Maha Pemurah Maha Penyayang Semoga keselamatan,
kedamaian dan keberkatan senantiasa melimpah pada kita semua, Seperti janji saya
sebelumnya artikel di bawah ini adalah pandangan praktis untuk mencapai
kedamaian. Namun sebelum itu karena saya pikir pandangan filosofis
sebelumnya terlalu "sufistik" atau pandangan Tauhid yang terlalu
mengawang-awang bagi sebagian besar pembaca maka dalam artikel ini saya
membukanya kembali dengan pandangan filosofis yang mengunakan ayat-ayat
Al-Quran dan menginterpretasikan dalam tataran kesadaran kecintaaan yang
lebih membumi. Wassalam, Jusuf Achmad Dengan Nama Allah Maha Pemurah Maha Penyayang Kedamaian
Muncul dari Tiadanya Monopoli Kebenaran Berikut ini adalah
terjemahan sebagian ayat-ayat Al-Quran dari Surah Al-Baqarah dalam dua bahasa
agar kita dapat memaknainya dengan lebih tepat: Terjemahan Bahasa
Inggris oleh Sher Ali: 2:111. And they say. `None
shall enter Heaven unless he be a Jew or a Christian.' These are their vain
desires.
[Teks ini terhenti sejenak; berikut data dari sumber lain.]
(* Let $G=(V,W,E)$ be a bipartite graph with parts $V$ and $W$ such that (1) $|N(v)|=3$ for all $v\in V$, (2) $G$ is odd, (3) $G$ is rigid, and (4) there are no distinct $w_1,w_2\in W$ with $N_G^{2}(w_1)=N_G^{2}(w_2)$. Then the graph $R(G)$ is rigid.
   Context: All graphs are finite, simple and undirected; $N(v)$ denotes the neighbourhood of $v$. A graph is rigid if its only automorphism is the identity. A bipartite graph $G=(V,W,E)$ in which every vertex of $V$ has degree $3$ is called odd if for every nonempty $X\subseteq W$ there is some $v\in V$ such that $|X\cap N(v)|$ is odd. The second neighbourhood of a vertex $v$ is $N_G^{2}(v)=\{u\in V(G): u\neq v \text{ and there is } w \text{ with } \{v,w\},\{w,u\}\in E(G)\}$. The graph $R(G)$ is defined as follows: for each $w\in W$ it has two vertices $a(w),b(w)$; for each $v\in V$, with its three neighbours listed in a fixed order $w_1,w_2,w_3$, it has four vertices $m_x(v)$, $x=(x_1,x_2,x_3)\in\{0,1\}^3$ with an even number of ones, where $m_x(v)$ is adjacent to $a(w_j)$ if $x_j=0$ and to $b(w_j)$ if $x_j=1$, for $j=1,2,3$; there are no other edges. *)

From mathcomp Require Import all_boot.
Set Implicit Arguments. Unset Strict Implicit. Unset Printing Implicit Defensive.

(* A finite simple graph on a finType T is given by an edge relation e : rel T
   (symmetric and irreflexive; all graphs built below are so by construction). *)

Definition is_automorphism (T : finType) (e : rel T) (f : T -> T) : Prop :=
  bijective f /\ forall x y, e (f x) (f y) = e x y.

Definition rigid (T : finType) (e : rel T) : Prop :=
  forall f, is_automorphism e f -> forall x, f x = x.

Definition nbhd (T : finType) (e : rel T) (v : T) : {set T} := [set u | e v u].
Definition nbhd2 (T : finType) (e : rel T) (v : T) : {set T} :=
  [set u | (u != v) && [exists w, e v w && e w u]].

Definition bip_rel (V W : finType) (E : V -> W -> bool) : rel (V + W) :=
  fun x y => match x, y with
             | inl v, inr w => E v w
             | inr w, inl v => E v w
             | _, _ => false
             end.

Definition odd_bip (V W : finType) (E : V -> W -> bool) : Prop :=
  forall X : {set W}, X != set0 ->
    exists v : V, odd #|X :&: [set w | E v w]|.

Definition even_vec := {x : {ffun 'I_3 -> bool} | ~~ odd #|[set j | x j]| }.

(* Vertices of R(G):  inl (w, false) = a(w),  inl (w, true) = b(w),
   inr (v, x) = m_x(v). *)
Definition RV (V W : finType) : finType := ((W * bool) + (V * even_vec))%type.

(* nb v j is the j-th neighbour w_(j+1) of v in the fixed order.
   m_x(v) ~ a(w_j) iff x_j = 0, and m_x(v) ~ b(w_j) iff x_j = 1. *)
Definition R_adj (V W : finType) (nb : V -> 'I_3 -> W) (p : W * bool) (m : V * even_vec) : bool :=
  [exists j : 'I_3, (nb m.1 j == p.1) && (val m.2 j == p.2)].

Definition R_rel (V W : finType) (nb : V -> 'I_3 -> W) : rel (RV V W) :=
  fun x y => match x, y with
             | inl p, inr m => R_adj nb p m
             | inr m, inl p => R_adj nb p m
             | _, _ => false
             end.

From mathcomp Require Import all_boot perm.
Set Implicit Arguments. Unset Strict Implicit. Unset Printing Implicit Defensive.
Say, `Produce your proof, if you are truthful.' 2:112. Nay, whosoever
submits himself completely to ALLAH and he is the doer of good, shall have his
reward from his Lord. No fear shall come on them nor shall they grieve. 2:113. And the Jews say,
`The Christians stand on nothing' and the Christians say, `The Jews stand on
nothing;' while they both read the same book. Even thus said those, who had no
knowledge, like what they say. But ALLAH shall judge between them on the Day of
Resurrection concerning that wherein they disagree. 2:114. And who is more
unjust than he who prohibits the name of ALLAH being glorified in ALLAH's
temples and strives to ruin them ? It was not proper for such men to enter
therein except in fear. For them is disgrace in this world; and theirs shall be
a great punishment in the next. 2:115. To ALLAH belongs the
East and the West; so whithersover you turn, there will be the face of ALLAH.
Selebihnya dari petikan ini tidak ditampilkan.